Let's fill in the table of values for the function $g(x) = x^2 - 4x$. We will substitute each given value of $x$ into the function to calculate $g(x)$.

Calculations:

1. For $x = -2$: $g(-2) = (-2)^2 - 4(-2) = 4 + 8 = 12$

2. For $x = -1$: $g(-1) = (-1)^2 - 4(-1) = 1 + 4 = 5$

3. For $x = 0$: $g(0) = (0)^2 - 4(0) = 0$

4. For $x = 2$: $g(2) = (2)^2 - 4(2) = 4 - 8 = -4$

5. For $x = 4$: $g(4) = (4)^2 - 4(4) = 16 - 16 = 0$

6. For $x = 5$: $g(5) = (5)^2 - 4(5) = 25 - 20 = 5$

7. For $x = 6$: $g(6) = (6)^2 - 4(6) = 36 - 24 = 12$

Completed Table:

Would you like assistance with sketching the graph or any further details?
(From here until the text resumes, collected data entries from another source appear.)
Lemma s_le_sum_weight n :
  ((s n)%:R : rat) <= \sum_(x : {set 'I_n} * {set 'I_n}) weight x.
Proof.
rewrite /s -sum1dep_card.
rewrite (partition_big (fun A => (column x1 A, column x3 A)) predT) //= natr_sum.
apply: ler_sum => x _; rewrite sum1_card /weight -natrX ler_nat.
exact: card_sum_free_fiber.
Qed.

Definition window n k (a : nat) (A : {set 'I_n}) : {set 'I_k} :=
  [set i : 'I_k | (a + i)%N \in [seq val u | u in A]].

Lemma windowP n k a (A : {set 'I_n}) (i : 'I_k) :
  reflect (exists2 w : 'I_n, w \in A & w = (a + i)%N :> nat) (i \in window k a A).
Proof. by rewrite inE; apply: (iffP imageP) => -[w wA e]; exists w. Qed.

Lemma mem_window n k a (A : {set 'I_n}) (i : 'I_k) (w : 'I_n) :
  w = (a + i)%N :> nat -> (i \in window k a A) = (w \in A).
Proof. by move=> e; rewrite inE -e mem_image //; apply: val_inj. Qed.

Lemma window1 n (a : 'I_n) (A : {set 'I_n}) : a \in A -> window 1 a A = [set ord0].
Proof.
move=> aA; apply/setP => i; rewrite ord1 in_set1 eqxx.
by rewrite (mem_window A (_ : val a = a + @ord0 0)%N) ?addn0.
Qed.

Lemma eq_set_windows n (a k : nat) (A B : {set 'I_n}) :
  {in A, forall u : 'I_n, a <= u}%N -> {in B, forall u : 'I_n, a <= u}%N ->
  window k a A = window k a B ->
  window (n - (a + k)) (a + k) A = window (n - (a + k)) (a + k) B -> A = B.
Proof.
move=> geA geB eqlo eqhi; apply/setP => w.
case: (ltnP w a) => [wa|aw].
  by apply/idP/idP => [/geA|/geB]; rewrite leqNgt wa.
case: (ltnP w (a + k)) => [wak|akw].
  have i_lt : (w - a < k)%N by lia.
  have wE : w = (a + Ordinal i_lt)%N :> nat by rewrite /= subnKC.
  by rewrite -(mem_window A wE) -(mem_window B wE) eqlo.
have i_lt : (w - (a + k) < n - (a + k))%N by have := ltn_ord w; lia.
have wE : w = (a + k + Ordinal i_lt)%N :> nat by rewrite /= subnKC.
by rewrite -(mem_window A wE) -(mem_window B wE) eqhi.
Qed.

Lemma card_window_fiber n (a k : nat) (W : {set 'I_k}) :
  (#|[pred A : {set 'I_n} | [forall u in A, a <= u] & window k a A == W]|
     <= 2 ^ (n - (a + k)))%N.
Proof.
rewrite -card_set_ord; apply: (@leq_card_in _ _ (window (n - (a + k)) (a + k))).
move=> A B /andP[/forall_inP geA /eqP eA] /andP[/forall_inP geB /eqP eB].
by apply: eq_set_windows geA geB _; rewrite eA eB.
Qed.

Lemma in_sumset_window n m a b (A B : {set 'I_n}) (i : nat) (w : 'I_n) :
  in_sumset (window m.+1 a A) (window m.+1 b B) i -> w = (a + b + i)%N.+1 :> nat ->
  w \in sumset A B.
Proof.
case/exists_inP => u /windowP[u' u'A u'E] /exists_inP[v /windowP[v' v'B v'E] /eqP uvi] wE.
by apply: (mem_sumset u'A v'B); rewrite wE u'E v'E -uvi addnACA.
Qed.

Definition minima n (a b : 'I_n) (x : {set 'I_n} * {set 'I_n}) : bool :=
  [&& a \in x.1, [forall u in x.1, a <= u]%N, b \in x.2 & [forall v in x.2, b <= v]%N].

Lemma card_minima_windows n (a b : 'I_n) k (y : {set 'I_k} * {set 'I_k}) :
  (#|[pred x | minima a b x & (window k a x.1, window k b x.2) == y]|
     <= 2 ^ (n - (a + k)) * 2 ^ (n - (b + k)))%N.
Proof.
pose fiber c (W : {set 'I_k}) :=
  [pred A : {set 'I_n} | [forall u in A, c <= u]%N & window k c A == W].
apply: (@leq_trans #|[predX fiber a y.1 & fiber b y.2]|).
  apply: subset_leq_card; apply/subsetP => -[A B].
  by rewrite !inE /= => /andP[/and4P[_ -> _ ->] /eqP <-]; rewrite !eqxx.
by rewrite cardX leq_mul ?card_window_fiber.
Qed.

Definition saturated n (s : nat) (S : {set 'I_n}) : bool :=
  [forall w : 'I_n, (s <= w)%N ==> (w \in S)].

Definition top_gap n (s : nat) (S : {set 'I_n}) (c : 'I_n) : bool :=
  [&& s <= c, c \notin S & [forall w : 'I_n, (c < w) ==> (w \in S)]]%N.

Lemma top_gapP n s (S : {set 'I_n}) : ~~ saturated s S -> exists c, top_gap s S c.
Proof.
case/forallPn => w; rewrite negb_imply => /andP[sw wS].
pose gap := [pred c : 'I_n | (s <= c)%N && (c \notin S)].
case: (@arg_maxnP _ w gap val); first by rewrite inE sw.
move=> c /andP[sc cS] cmax; exists c; rewrite /top_gap sc cS /=.
apply/forall_inP => v cv; apply/negPn/negP => vS.
move: (cmax v); rewrite inE (leq_trans sc (ltnW cv)) vS => /(_ isT).
by rewrite /= leqNgt cv.
Qed.

Lemma card_compl_saturated n s (S : {set 'I_n}) :
  saturated s S -> (#|~: S| <= minn s n)%N.
Proof.
move=> /forallP satS; rewrite leq_min; apply/andP; split; last first.
  by apply: leq_trans (max_card _) _; rewrite card_ord.
apply: card_ord_bounded => w; rewrite inE; apply: contraR; rewrite -leqNgt => sw.
by have := satS w; rewrite sw.
Qed.

Lemma g_ge0 m : 0 <= g m.
Proof.
rewrite /g; case: ifP => // _.
by apply: sumr_ge0 => S1 _; apply: sumr_ge0 => S2 _; rewrite invr_ge0 exprn_ge0.
Qed.

Lemma term_ge0 a b c : 0 <= term a b c.
Proof. by rewrite mulr_ge0 ?g_ge0 // invr_ge0 exprn_ge0. Qed.

Lemma termE_le a b c : (c <= a + b)%N -> term a b c = 2%:R ^- (a + b - c).
Proof.
move=> cab; rewrite /term -opprB subzn // abszN absz_nat /g ifT ?mulr1 //.
by rewrite lerBlDr add0r (le_trans _ (ler0n _ 1)) // oppr_le0.
Qed.

Lemma termE_gt a b m : term a b (a + b + m.+1) = 2%:R ^- m.+1 * g m.
Proof.
rewrite /term PoszD addrAC subrr add0r absz_nat; congr (_ * g _).
by rewrite intS addrAC subrr add0r.
Qed.

Definition g_admissible m (y : {set 'I_m.+1} * {set 'I_m.+1}) : bool :=
  [&& ord0 \in y.1, ord0 \in y.2 & ~~ in_sumset y.1 y.2 m.+1].

Definition g_weight m (y : {set 'I_m.+1} * {set 'I_m.+1}) : rat :=
  2%:R ^- #|[set k : 'I_m.+1 | in_sumset y.1 y.2 k]|.

Lemma g_weight_ge0 m (y : {set 'I_m.+1} * {set 'I_m.+1}) : 0 <= g_weight y.
Proof. by rewrite invr_ge0 exprn_ge0. Qed.

(* For [m = 0] the definition of [g] forgets the sum and sets [g 0 = 1], which
   still dominates the sum up to the number [4] of pairs. *)
Lemma sum_g_weight_le m :
  \sum_(y | g_admissible y) @g_weight m y <= 2%:R ^+ 2 * g m.
Proof.
case: m => [|m].
  rewrite /g /= mulr1; apply: le_trans (ler_sum_card (B := 1) _) _.
    by move=> y _; rewrite invf_le1 ?exprn_gt0 // exprn_ege1 // ler1n.
  rewrite mulr1 -natrX ler_nat; apply: leq_trans (max_card _) _.
  by rewrite card_prod card_set_ord.
rewrite /g /= /g_pos pair_big_dep /= -[X in X <= _]mul1r.
apply: ler_pM; rewrite ?exprn_ege1 ?ler1n ?sumr_ge0 //.
  by move=> y _; apply: g_weight_ge0.
by rewrite le_eqVlt (eq_bigl _ _ (fun y => andbA _ _ _)) eqxx.
Qed.

Lemma window_gap_admissible n (a b c : 'I_n) m (x : {set 'I_n} * {set 'I_n}) :
  minima a b x -> c \notin sumset x.1 x.2 -> c = (a + b + m)%N.+2 :> nat ->
  g_admissible (window m.+1 a x.1, window m.+1 b x.2).
Proof.
case/and4P => ax _ bx _ cS cE; rewrite /g_admissible /=.
rewrite (mem_window _ (_ : val a = a + @ord0 m)%N) ?addn0 //.
rewrite (mem_window _ (_ : val b = b + @ord0 m)%N) ?addn0 // ax bx /=.
by apply: contra cS => /in_sumset_window; apply; rewrite cE addnS.
Qed.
Here are five related questions:

1. How do you determine if a quadratic function opens upward or downward?
2. What are the roots of the function $g(x) = x^2 - 4x$?
3. What is the vertex of the parabola for the function $g(x) = x^2 - 4x$?
4. How would you find the axis of symmetry for this quadratic function?
5. What is the importance of plotting points when sketching a graph?

Tip: The vertex form of a quadratic equation $ax^2 + bx + c$ helps identify the vertex directly and simplifies graphing.